The innovation of chatbots and virtual assistants has accelerated the integration of AI technologies in retail, revolutionising customer interactions by adding a human-like touch to digital engagements. These tools enhance the purchasing journey, making it more intuitive and responsive, providing customised and real-time recommendations based on consumer sentiment. However, retailers need to manage expectations of scalability and ensure AI complements rather than replaces human interactions.

Furthermore, integrating big data into retail operations helps understand customer behaviour and preferences. Retailers can leverage vast amounts of data to gain insights into customer needs and tailor their offerings accordingly. By analysing customer-generated data, businesses can conduct predictive analysis to anticipate trends and make informed decisions, keeping them ahead of the curve in offering products and services that resonate with their target audience.

When it comes to the impact of AI integration in the retail sector, one key segment where it is significantly visible is the supply chain. By integrating big data analytics, retailers are achieving more efficiency in their supply chain operations. Predictive analytics powered by AI aids in forecasting demand, optimising inventory levels, reducing waste, and ensuring products are available when and where customers need them. This enhances operational efficiency and customer satisfaction by minimising stockouts and delays.

AI integration supports a customer-centric approach in retail, and it positions technology as a key facilitator in meeting customer demand.
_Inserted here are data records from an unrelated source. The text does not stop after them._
(* Let $N\ge2$, $L^x,L^y>0$, and for each box $k\in\{1,\dots,N\}$ let constants $lb^x_k,lb^y_k>0$ be given. Let $F$ be the set of $(c,\ell,z,d)$, where $c=(c^s_k)$, $\ell=(\ell^s_k)$ for $k\in\{1,\dots,N\}$, $s\in\{x,y\}$, $z=(z^s_{p,q})\in\{0,1\}$ for all $s\in\{x,y\}$ and ordered pairs of distinct boxes $(p,q)$, and $d=(d^s_{i,j})$ with $d^s_{i,j}=d^s_{j,i}$ for unordered pairs, satisfying for every pair of distinct boxes $i,j$, every $s\in\{x,y\}$ and every $(p,q)\in\{(i,j),(j,i)\}$: \begin{align*} &\tfrac12\ell^s_p+lb^s_q z^s_{q,p}\le c^s_p\le L^s-\tfrac12\ell^s_p-lb^s_q z^s_{p,q},\qquad c^s_p+\tfrac12\ell^s_p\le c^s_q-\tfrac12\ell^s_q+L^s(1-z^s_{p,q}),\qquad \ell^s_p\ge lb^s_p,\\ &z^x_{i,j}+z^x_{j,i}+z^y_{i,j}+z^y_{j,i}\ge1,\qquad z^s_{i,j}+z^s_{j,i}\le1,\\ &c^s_p+\tfrac12\ell^s_p+L^s z^s_{p,q}\ge c^s_q-\tfrac12\ell^s_q+(lb^s_p+lb^s_q)(z^s_{i,j}+z^s_{j,i}),\\ &d^s_{i,j}\ge c^s_i-c^s_j,\qquad d^s_{i,j}\ge c^s_j-c^s_i. \end{align*} Fix distinct boxes $i,j$, an integer $m\ge1$, and distinct boxes $t^0=i,t^1,\dots,t^m,t^{m+1}=j$ (the path $P$). Fix $s\in\{x,y\}$ and $\{p,q\}=\{i,j\}$. Define $\mathscr{M}^s_P(z)=1+\sum_{\xi=1}^{m+1}(z^s_{t^{\xi-1},t^\xi}-1)$ and $\gamma_P=\sum_{\xi=1}^m lb^s_{t^\xi}$. Then every point of $F$ satisfies \begin{align*} d^s_{i,j}&\ge\tfrac12(\ell^s_i+\ell^s_j)-L^s(1-z^s_{i,j}-z^s_{j,i})+\gamma_P\mathscr{M}^s_P(z),\\ d^s_{i,j}&\ge c^s_p-c^s_q+\ell^s_p+lb^s_q(z^s_{i,j}+z^s_{j,i})-L^s(1-z^s_{p,q})+\gamma_P\mathscr{M}^s_P(z),\\ d^s_{i,j}&\ge c^s_i-c^s_j+(lb^s_i+lb^s_j)z^s_{i,j}+\gamma_P\mathscr{M}^s_P(z),\\ 2d^s_{i,j}&\ge\ell^s_p+lb^s_q(z^s_{i,j}+z^s_{j,i})-L^s(1-z^s_{i,j}-z^s_{j,i})+2\gamma_P\mathscr{M}^s_P(z),\\ \tfrac12\ell^s_j+lb^s_i z^s_{i,j}+\gamma_P\mathscr{M}^s_P(z)&\le c^s_j,\\ c^s_i+\gamma_P\mathscr{M}^s_P(z)&\le L^s-\tfrac12\ell^s_i-lb^s_j z^s_{i,j},\\ c^s_i+\tfrac12\ell^s_i+\gamma_P\mathscr{M}^s_P(z)&\le c^s_j-\tfrac12\ell^s_j+L^s(1-z^s_{i,j}). \end{align*}
   Context: Box $k$ has center $(c^x_k,c^y_k)$ and side lengths $(\ell^x_k,\ell^y_k)$. The set $F$ is the $N$-box refined unary formulation (the pairwise refined unary formulations for all pairs, sharing variables) augmented with the standard linearization variables $d^s_{i,j}$ of the Manhattan objective $|c^s_i-c^s_j|$. In the paper $lb^s_k=\beta_k/ub^s_k$ with $ub^s_k=\min\{\sqrt{\alpha_k\beta_k},L^s\}$. *)

(* Directions s in {x,y} are encoded as bool: true = x, false = y. *)
From mathcomp Require Import all_boot all_order all_algebra.
Set Implicit Arguments. Unset Strict Implicit. Unset Printing Implicit Defensive.
Import Order.TTheory GRing.Theory Num.Theory.
Local Open Scope ring_scope.

Definition inF (R : realFieldType) (N : nat) (L : bool -> R) (lb : bool -> 'I_N -> R)
  (c l : bool -> 'I_N -> R) (z d : bool -> 'I_N -> 'I_N -> R) : Prop :=
  (forall s (p q : 'I_N), p != q -> z s p q = 0 \/ z s p q = 1) /\
  (forall s (i j : 'I_N), i != j -> d s i j = d s j i) /\
  (forall (i j : 'I_N), i != j ->
     z true i j + z true j i + z false i j + z false j i >= 1) /\
  (forall (i j : 'I_N), i != j -> forall s (p q : 'I_N),
     (p = i /\ q = j) \/ (p = j /\ q = i) ->
       (2^-1 * l s p + lb s q * z s q p <= c s p/\
           c s p <= L s - 2^-1 * l s p - lb s q * z s p q/\
           c s p + 2^-1 * l s p <= c s q - 2^-1 * l s q + L s * (1 - z s p q)/\
           l s p >= lb s p/\
           z s i j + z s j i <= 1/\
           c s p + 2^-1 * l s p + L s * z s p q >=
             c s q - 2^-1 * l s q + (lb s p + lb s q) * (z s i j + z s j i)/\
           d s i j >= c s i - c s j/\
           d s i j >= c s j - c s i)).

Definition pathM (R : realFieldType) (N : nat) (z : bool -> 'I_N -> 'I_N -> R)
  (s : bool) (m : nat) (t : nat -> 'I_N) : R :=
  1 + \sum_(1 <= xi < m.+2) (z s (t xi.-1) (t xi) - 1).

Definition pathGamma (R : realFieldType) (N : nat) (lb : bool -> 'I_N -> R)
  (s : bool) (m : nat) (t : nat -> 'I_N) : R :=
  \sum_(1 <= xi < m.+1) lb s (t xi).

(* Along the path, either some z^s_{t^(xi-1),t^xi} vanishes, and then M^s_P(z) <= 0 so the
   gamma-terms only weaken inequalities already valid on F; or all of them equal 1, and then
   M^s_P(z) = 1 while the boxes t^1, ..., t^m lie in order between i and j in direction s,
   so c^s_j - c^s_i >= (l^s_i + l^s_j)/2 + sum l^s_{t^xi} >= (l^s_i + l^s_j)/2 + gamma_P. *)
From mathcomp Require Import all_boot all_order all_algebra.
From mathcomp Require Import zify lra.
Set Implicit Arguments. Unset Strict Implicit. Unset Printing Implicit Defensive.
Import Order.TTheory GRing.Theory Num.Theory.
Local Open Scope ring_scope.

Lemma sum_binary_subr1_le_or_all1 (R : realDomainType) (n : nat) (f : nat -> R) :
  (forall k, (1 <= k <= n)%N -> f k = 0 \/ f k = 1) ->
  \sum_(1 <= k < n.+1) (f k - 1) <= -1 \/ (forall k, (1 <= k <= n)%N -> f k = 1).
Proof.
elim: n => [|n IH] fbin; first by right=> k; lia.
rewrite big_nat_recr //=.
have [le_sum|all1] := IH (fun k hk => fbin k (ltac:(lia))).
  by left; have [->|->] := fbin n.+1 (ltac:(lia)); lra.
have -> : \sum_(1 <= k < n.+1) (f k - 1) = 0.
  by rewrite big_nat_cond big1 // => k /andP[hk _]; rewrite all1 ?subrr.
have [fn0|fn1] := fbin n.+1 (ltac:(lia)); first by left; rewrite fn0; lra.
right=> k hk; case: (ltnP k n.+1) => hkn; first by apply: all1; lia.
by have -> : k = n.+1 by lia.
Qed.

Lemma chain_sum_le (R : realFieldType) (a w : nat -> R) (n : nat) :
  (forall k, (k < n.+1)%N -> a k + 2^-1 * w k <= a k.+1 - 2^-1 * w k.+1) ->
  a 0%N + 2^-1 * w 0%N + \sum_(1 <= k < n.+1) w k <= a n.+1 - 2^-1 * w n.+1.
Proof.
elim: n => [|n IH] sep; first by rewrite big_geq // addr0; apply: sep.
rewrite big_nat_recr //=.
have := IH (fun k hk => sep k (ltnW hk)); have := sep n.+1 (ltnSn _); lra.
Qed.

Section RefinedUnaryFormulation.

Variables (R : realFieldType) (N : nat) (L : bool -> R) (lb : bool -> 'I_N -> R).
Variables (c l : bool -> 'I_N -> R) (z d : bool -> 'I_N -> 'I_N -> R).
Hypothesis HF : inF L lb c l z d.
Variable s : bool.
Hypotheses (HN : (1 < N)%N) (Hlb : forall k, 0 < lb s k).

Lemma inF_z_binary (a b : 'I_N) : a != b -> z s a b = 0 \/ z s a b = 1.
Proof. by case: HF => zbin _; apply: zbin. Qed.

Lemma inF_pair (a b : 'I_N) : a != b ->
  2^-1 * l s a + lb s b * z s b a <= c s a /\
  c s a <= L s - 2^-1 * l s a - lb s b * z s a b /\
  c s a + 2^-1 * l s a <= c s b - 2^-1 * l s b + L s * (1 - z s a b) /\
  lb s a <= l s a /\
  z s a b + z s b a <= 1 /\
  c s b - 2^-1 * l s b + (lb s a + lb s b) * (z s a b + z s b a)
    <= c s a + 2^-1 * l s a + L s * z s a b /\
  c s a - c s b <= d s a b /\
  c s b - c s a <= d s a b.
Proof.
by case: HF => _ [_ [_ pair]] ab; apply: pair ab s a b (or_introl (conj erefl erefl)).
Qed.

Lemma inF_sep (a b : 'I_N) : a != b -> z s a b = 1 ->
  c s a + 2^-1 * l s a <= c s b - 2^-1 * l s b.
Proof.
move=> ab zab; have [_ [_ [sep _]]] := inF_pair ab.
by move: sep; rewrite zab subrr mulr0 addr0.
Qed.

Lemma inF_lb_le_len (k : 'I_N) : lb s k <= l s k.
Proof.
have [k' kk'] : exists k' : 'I_N, k != k'.
  have N0 : (0 < N)%N by apply: ltnW.
  case: (eqVneq k (Ordinal N0)) => [->|ne]; last by exists (Ordinal N0).
  by exists (Ordinal HN).
by have [_ [_ [_ [lbl _]]]] := inF_pair kk'.
Qed.

Variables (i j p q : 'I_N).

(* The inequalities of the proposition, with gamma_P * M^s_P(z) replaced by X. *)
Definition pair_cuts (X : R) : Prop :=
  d s i j >= 2^-1 * (l s i + l s j) - L s * (1 - z s i j - z s j i) + X /\
  d s i j >= c s p - c s q + l s p + lb s q * (z s i j + z s j i)
             - L s * (1 - z s p q) + X /\
  d s i j >= c s i - c s j + (lb s i + lb s j) * z s i j + X /\
  2 * d s i j >= l s p + lb s q * (z s i j + z s j i)
             - L s * (1 - z s i j - z s j i) + 2 * X /\
  2^-1 * l s j + lb s i * z s i j + X <= c s j /\
  c s i + X <= L s - 2^-1 * l s i - lb s j * z s i j /\
  c s i + 2^-1 * l s i + X <= c s j - 2^-1 * l s j + L s * (1 - z s i j).

Lemma pair_cuts_shift (X : R) : X <= 0 -> pair_cuts 0 -> pair_cuts X.
Proof.
move=> X_le0 [C1 [C2 [C3 [C4 [C5 [C6 C7]]]]]].
by split; [lra|split; [lra|split; [lra|split; [lra|split; [lra|split; lra]]]]].
Qed.

Hypotheses (Hij : i != j) (Hpq : (p = i /\ q = j) \/ (p = j /\ q = i)).

Lemma inF_pair_cuts : pair_cuts 0.
Proof.
have Hji : j != i by rewrite eq_sym.
have [A1 [A2 [A3 [A4 [A5 [A6 [A7 A8]]]]]]] := inF_pair Hij.
have [B1 [B2 [B3 [B4 [B5 [B6 _]]]]]] := inF_pair Hji.
rewrite /pair_cuts; case: Hpq => [[-> ->]|[-> ->]].
all: case: (inF_z_binary Hij) => zij; case: (inF_z_binary Hji) => zji.
all: rewrite zij zji in A1 A2 A3 A5 A6 B1 B2 B3 B5 B6 *.
all: by split; [lra|split; [lra|split; [lra|split; [lra|split; [lra|split; lra]]]]].
Qed.

Lemma inF_pair_cuts_ordered (X : R) :
  c s i + 2^-1 * l s i + X <= c s j - 2^-1 * l s j -> pair_cuts X.
Proof.
move=> ordered; have Hji : j != i by rewrite eq_sym.
have [A1 [A2 [A3 [A4 [A5 [A6 [A7 A8]]]]]]] := inF_pair Hij.
have [B1 [B2 [B3 [B4 [B5 _]]]]] := inF_pair Hji.
have lbi := Hlb i; have lbj := Hlb j.
rewrite /pair_cuts; case: Hpq => [[-> ->]|[-> ->]].
all: case: (inF_z_binary Hij) => zij; case: (inF_z_binary Hji) => zji.
all: rewrite zij zji in A1 A2 A3 A5 A6 B1 B2 B3 B5 *.
all: by split; [lra|split; [lra|split; [lra|split; [lra|split; [lra|split; lra]]]]].
Qed.

Variables (m : nat) (t : nat -> 'I_N).
Hypotheses (Ht0 : t 0%N = i) (Htm : t m.+1 = j).
Hypothesis Htinj : forall a b : nat, (a <= m.+1)%N -> (b <= m.+1)%N -> t a = t b -> a = b.

Lemma path_step_neq (xi : nat) : (1 <= xi <= m.+1)%N -> t xi.-1 != t xi.
Proof. by move=> hxi; apply/eqP => /Htinj; lia. Qed.

Lemma pathM_le0_or_ordered :
  let M := pathM z s m t in
  let g := pathGamma lb s m t in
  g * M <= 0 \/ (g * M = g /\ c s i + 2^-1 * l s i + g <= c s j - 2^-1 * l s j).
Proof.
move=> M g.
have g_ge0 : 0 <= g by apply: sumr_ge0 => k _; apply: ltW.
have [le_sum|all1] := sum_binary_subr1_le_or_all1
  (fun xi hxi => inF_z_binary (path_step_neq hxi)).
  by left; apply: mulr_ge0_le0 => //; rewrite /M /pathM; lra.
right; split.
  rewrite /M /pathM big_nat_cond big1 ?addr0 ?mulr1 // => k /andP[hk _].
  by rewrite all1 ?subrr.
have ordered := chain_sum_le (a := fun k => c s (t k)) (w := fun k => l s (t k)) (n := m)
  (fun k hk => inF_sep (path_step_neq (xi := k.+1) (ltac:(lia))) (all1 k.+1 (ltac:(lia)))).
have g_le : g <= \sum_(1 <= k < m.+1) l s (t k).
  by apply: ler_sum => k _; apply: inF_lb_le_len.
by move: ordered; rewrite /= Ht0 Htm; lra.
Qed.

Lemma inF_path_cuts : pair_cuts (pathGamma lb s m t * pathM z s m t).
Proof.
have [gM_le0|[-> ordered]] := pathM_le0_or_ordered.
  exact: pair_cuts_shift gM_le0 inF_pair_cuts.
exact: inF_pair_cuts_ordered ordered.
Qed.

End RefinedUnaryFormulation.

Theorem proposition7p3 (R : realFieldType) (N : nat) (HN : (2 <= N)%N)
  (L : bool -> R) (HL : forall s, 0 < L s)
  (lb : bool -> 'I_N -> R) (Hlb : forall s k, 0 < lb s k)
  (i j : 'I_N) (Hij : i != j)
  (m : nat) (Hm : (1 <= m)%N) (t : nat -> 'I_N)
  (Ht0 : t 0%N = i) (Htm : t m.+1 = j)
  (Htinj : forall a b : nat, (a <= m.+1)%N -> (b <= m.+1)%N -> t a = t b -> a = b)
  (s : bool) (p q : 'I_N) (Hpq : (p = i /\ q = j) \/ (p = j /\ q = i))
  (c l : bool -> 'I_N -> R) (z d : bool -> 'I_N -> 'I_N -> R)
  (HF : inF L lb c l z d) :
  let M := pathM z s m t in
  let g := pathGamma lb s m t in
  (d s i j >= 2^-1 * (l s i + l s j) - L s * (1 - z s i j - z s j i) + g * M/\
      d s i j >= c s p - c s q + l s p + lb s q * (z s i j + z s j i)
                 - L s * (1 - z s p q) + g * M/\
      d s i j >= c s i - c s j + (lb s i + lb s j) * z s i j + g * M/\
      2 * d s i j >= l s p + lb s q * (z s i j + z s j i)
                 - L s * (1 - z s i j - z s j i) + 2 * g * M/\
      2^-1 * l s j + lb s i * z s i j + g * M <= c s j/\
      c s i + g * M <= L s - 2^-1 * l s i - lb s j * z s i j/\
      c s i + 2^-1 * l s i + g * M <= c s j - 2^-1 * l s j + L s * (1 - z s i j)).
Proof.
move=> M g; rewrite -mulrA.
exact: (inF_path_cuts HF HN (Hlb s) Hij Hpq Ht0 Htm Htinj).
Qed.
Advanced technologies can identify and replicate demographic needs and pinpoint where investment is required to add value. The integration of various AI tools including price-matching technologies, pay-per-click advertising optimisation, and predictive analytics, aids the retailers in focusing on perfecting the customer journey, ensuring a seamless and enjoyable experience from the start to finish.
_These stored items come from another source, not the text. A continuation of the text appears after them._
(* For large t, W + t rho is positive definite; normalized, it is a fixed state. *)
Lemma unique_fixed_point_hermitian W :
  W \is hermsymmx -> T W = W -> exists a, W = a *: rho.
Proof.
move=> W_herm TW; have [[[rho_herm _] tr_rho] [T_fix T_uniq]] := T_rho.
have [L L_ge0 W_lb] := hermitian_form_lb W_herm.
have [m m_gt0 rho_lb] := posdef_lb rho_herm rho_posdef.
pose t := L / m + 1; have t_gt0 : 0 < t by rewrite ltr_wpDl ?ltr01 // divr_ge0 // ltW.
pose S := W + t *: rho.
have S_lb v : m * dotmx v v <= dotmx (v *m S) v.
  have -> : dotmx (v *m S) v = dotmx (v *m W) v + t * dotmx (v *m rho) v.
    by rewrite /S mulmxDr -scalemxAr linearDl; congr (_ + _); apply: dotmxZl.
  have -> : m * dotmx v v = - L * dotmx v v + t * (m * dotmx v v).
    by rewrite /t; field; rewrite gt_eqF.
  by apply: lerD; [apply: W_lb | apply: ler_wpM2l; [exact: ltW | exact: rho_lb]].
have k_gt0 : (0 < k)%N.
  rewrite lt0n; apply/eqP => k0.
  have tr0 : \tr rho = 0 by apply: big1; case=> i i_lt; exfalso; move: i_lt; rewrite k0.
  by move: (oner_neq0 C); rewrite -tr_rho tr0 eqxx.
have S_diag i : m <= S i i.
  have := S_lb (delta_mx 0 i).
  by rewrite -rowE dotmx_deltar dotmx_deltar !mxE !eqxx mulr1.
have trS_gt0 : 0 < \tr S.
  rewrite /mxtrace (bigD1 (Ordinal k_gt0)) //= ltr_wpDr ?(lt_le_trans m_gt0) //.
  by apply: sumr_ge0 => i _; apply: le_trans (S_diag i); apply: ltW.
have S_herm : S \is hermsymmx.
  move: W_herm rho_herm; rewrite !hermitianE /S => /eqP dW /eqP drho.
  by rewrite dagD dagZ dW drho conj_Creal ?gtr0_real.
pose sigma := (\tr S)^-1 *: S.
have sigma_state : is_state sigma.
  split; [split|].
  - move: S_herm; rewrite !hermitianE /sigma dagZ => /eqP ->.
    by rewrite fmorphV; apply/eqP; congr (_^-1 *: _); apply: conj_Creal; rewrite gtr0_real.
  - move=> v; rewrite -dotmx_dagE -scalemxAr dotmxZl.
    apply: mulr_ge0; first by rewrite invr_ge0 ltW.
    by apply: le_trans _ (S_lb v); rewrite mulr_ge0 ?dnorm_ge0 // ltW.
  - by rewrite mxtraceZ mulVf ?gt_eqF.
have T_S : T S = S by rewrite linearD linearZ /= TW T_fix.
have T_sigma : T sigma = sigma by rewrite linearZ /= T_S.
have S_rho : S = \tr S *: rho.
  by rewrite -(T_uniq _ sigma_state T_sigma) scalerA mulfV ?gt_eqF // scale1r.
by exists (\tr S - t); rewrite scalerBl -S_rho addrK.
Qed.

Lemma unique_fixed_point_scalar W : T W = W -> exists a, W = a *: rho.
Proof.
move=> TW; have TWd : T (dag W) = dag W by rewrite T_dag TW.
pose Wre := 2^-1 *: (W + dag W); pose Wim := (2 * 'i)^-1 *: (W - dag W).
have conj_half : (2^-1 : C)^* = 2^-1 by rewrite conj_Creal // realV realn.
have conj_halfi : ((2 * 'i)^-1 : C)^* = - (2 * 'i)^-1.
  by rewrite fmorphV rmorphM /= rmorph_nat conjCi mulrN invrN.
have Wre_herm : Wre \is hermsymmx.
  by rewrite hermitianE; apply/eqP; rewrite dagZ dagD dagK conj_half addrC.
have Wim_herm : Wim \is hermsymmx.
  rewrite hermitianE; apply/eqP.
  by rewrite dagZ dagB dagK conj_halfi scaleNr -scalerN opprB.
have -> : W = Wre + 'i *: Wim.
  apply/matrixP => i j; rewrite !mxE.
  by field; exact: neq0Ci.
have [a ->] : exists a, Wre = a *: rho.
  apply: (unique_fixed_point_hermitian Wre_herm).
  by rewrite linearZ linearD TW TWd.
have [b ->] : exists b, Wim = b *: rho.
  apply: (unique_fixed_point_hermitian Wim_herm).
  by rewrite linearZ linearB TW TWd.
by exists (a + 'i * b); rewrite scalerA -scalerDl.
Qed.

End FixedPoints.

Section SandwichChannel.
Variables (R : realType) (k : nat) (rho : 'M[R[i]]_k) (s : R).
Local Notation C := R[i].
Hypotheses (rho_herm : rho \is hermsymmx) (rho_posdef : posdefmx rho).
Variables (M N : 'M[C]_k -> 'M[C]_k) (KM KN : seq 'M[C]_k).
Hypotheses (KM_tp : \sum_(K <- KM) dag K *m K = 1%:M)
  (M_kraus : forall X, M X = kraus_map KM X) (N_kraus : forall X, N X = kraus_map KN X)
  (KM_sa : sinner_selfadjoint s rho (kraus_dual KM))
  (KN_sa : sinner_selfadjoint s rho (kraus_dual KN)).
Hypothesis N_spec : spectrum_in01 N.
Local Notation DM := (kraus_dual KM).
Local Notation DN := (kraus_dual KN).
Local Notation "<< A , B >>" := (sinner s rho A B).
Although AI is widely embraced across the industry regardless of company size, delivering the best customer service requires empowering employees with the right tools and knowledge. When employees are equipped with AI-driven insights, they can provide more personalised and efficient service, enhancing the overall customer experience. This empowerment also promotes a culture of innovation and continuous improvement within the organization.
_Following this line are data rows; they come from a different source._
Lemma nullproj_mpinvB : P *m Bp = Bp.
Proof.
have BpE : Bp = P *m (ctr A1 *m ctr Bp *m Bp) by rewrite {1}mpinv_ctrl ctr_B !mulmxA.
by rewrite {1}BpE mulmxA nullproj_idem -BpE.
Qed.

Lemma mul_A2_mpinvB : A2 *m Bp = 0.
Proof. by rewrite -nullproj_mpinvB mulmxA mul_nullproj mul0mx. Qed.

Lemma mul_A1_mpinvB : A1 *m Bp = B *m Bp.
Proof. by rewrite -mulmxA nullproj_mpinvB. Qed.

Lemma Q_idem : Q *m Q = Q.
Proof. by rewrite mulmxA -(mulmxA Bp A1) mul_A1_mpinvB mulmxA mpinv_mul_mpinv. Qed.

Lemma rangesp_Q x : rangesp Q x <-> X x.
Proof.
split=> [[w ->]|[s [[w ->] ->]]].
  exists (ctr A1 *m (ctr Bp *m Bp *m A1 *m w)); split.
    by exists (ctr Bp *m Bp *m A1 *m w).
  by rewrite {1}mpinv_ctrl ctr_B !mulmxA.
exists (P *m (ctr A1 *m w)).
have E : Bp *m A1 *m (P *m ctr A1) = Bp *m B *m ctr B.
  by rewrite ctr_B -!mulmxA (mulmxA P P) nullproj_idem.
by rewrite !mulmxA -(mulmxA (Bp *m A1)) E -ctr_mpinvl ctr_B.
Qed.


Lemma herm_gram : ctr G = G.
Proof. by rewrite ctrM ctrK. Qed.

Lemma nullsp_Q x : Q *m x = 0 <-> Y x.
Proof.
split=> [Qx0|[s [t [s1 [w [w_orth ->]] ->]]]].
  have PGx0 : P *m (G *m x) = 0.
    have : ctr B *m (A1 *m x) = 0.
      by rewrite ctr_mpinvr -!mulmxA (mulmxA Bp) Qx0 !mulmx0.
    by rewrite ctr_B !mulmxA.
  exists (nullproj G *m x), (mpinv G *m (G *m x)); split.
  - by rewrite /nullsp mulmxA (gram_mul_eq0 (mul_nullproj G)) mul0mx.
  - exists (G *m x); split => // _ [s [t [s1 t2 ->]]].
    have Gs0 : ctr s *m (G *m x) = 0.
      by rewrite mulmxA -herm_gram -ctrM -mulmxA s1 mulmx0 ctr0 mul0mx.
    have GxE : G *m x = mpinv A2 *m A2 *m (G *m x).
      by move: PGx0; rewrite /nullproj mulmxBl mul1mx => /eqP; rewrite subr_eq0 => /eqP.
    by rewrite ctrD mulmxDl Gs0 add0r GxE !mulmxA nullsp_ctr_mpinv // !mul0mx.
  - by rewrite /nullproj mulmxBl mul1mx -!mulmxA subrK.
have GGpw : G *m mpinv G *m w = w.
  apply: mul_mpinv_orthc; rewrite herm_gram => z /gram_mul_eq0 z1.
  exact: orthc_addsp_l (mulmx0 _ _) w_orth _ z1.
rewrite mulmxDr -mulmxA s1 mulmx0 add0r mpinv_ctrr ctr_B -!mulmxA.
rewrite (mulmxA (ctr A1)) (mulmxA G) GGpw nullproj_orthc ?mulmx0 //.
exact: orthc_addsp_r (mulmx0 _ _) w_orth.
Qed.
Additionally, data integration and integrity are crucial for the effectiveness of AI and big data. Retailers must implement systems that can integrate data from various sources, ensuring that all information is accurate, consistent, and up to date. This collaborative approach allows retailers to offer a unified brand experience across all channels while maintaining data boundaries and complying with privacy regulations.

This widespread adoption of AI technologies in the industry underscores the importance of establishing a robust and adaptable regulatory framework. Given the growing concerns about data privacy and ethical use, retailers must ensure responsible and secure handling of customer data. Stagnant regulations can lead to compliance issues and erode customer trust, and this necessitates current and customer-aligned regulations to maintain a trustworthy data environment.

Another challenge in AI integration is utilising AI and big data to experiment with new ideas and strategies. In retail, embracing calculated risks is crucial for innovation and growth, viewing risks as learning opportunities. Being responsive to evolving customer needs allows retailers to navigate uncertainties and capitalise on opportunities for success.

With AI projected to contribute up to USD 320 billion to the Middle East’s economy by 2030, the region is increasing its investment in technology. This emphasises the need for a holistic approach in retail, integrating AI, big data, and a customer-centric mindset to thrive in the market. The industry players can maintain their competitive edge by focusing on efficiency in supply chain operations, understanding consumer behaviour, and empowering employees.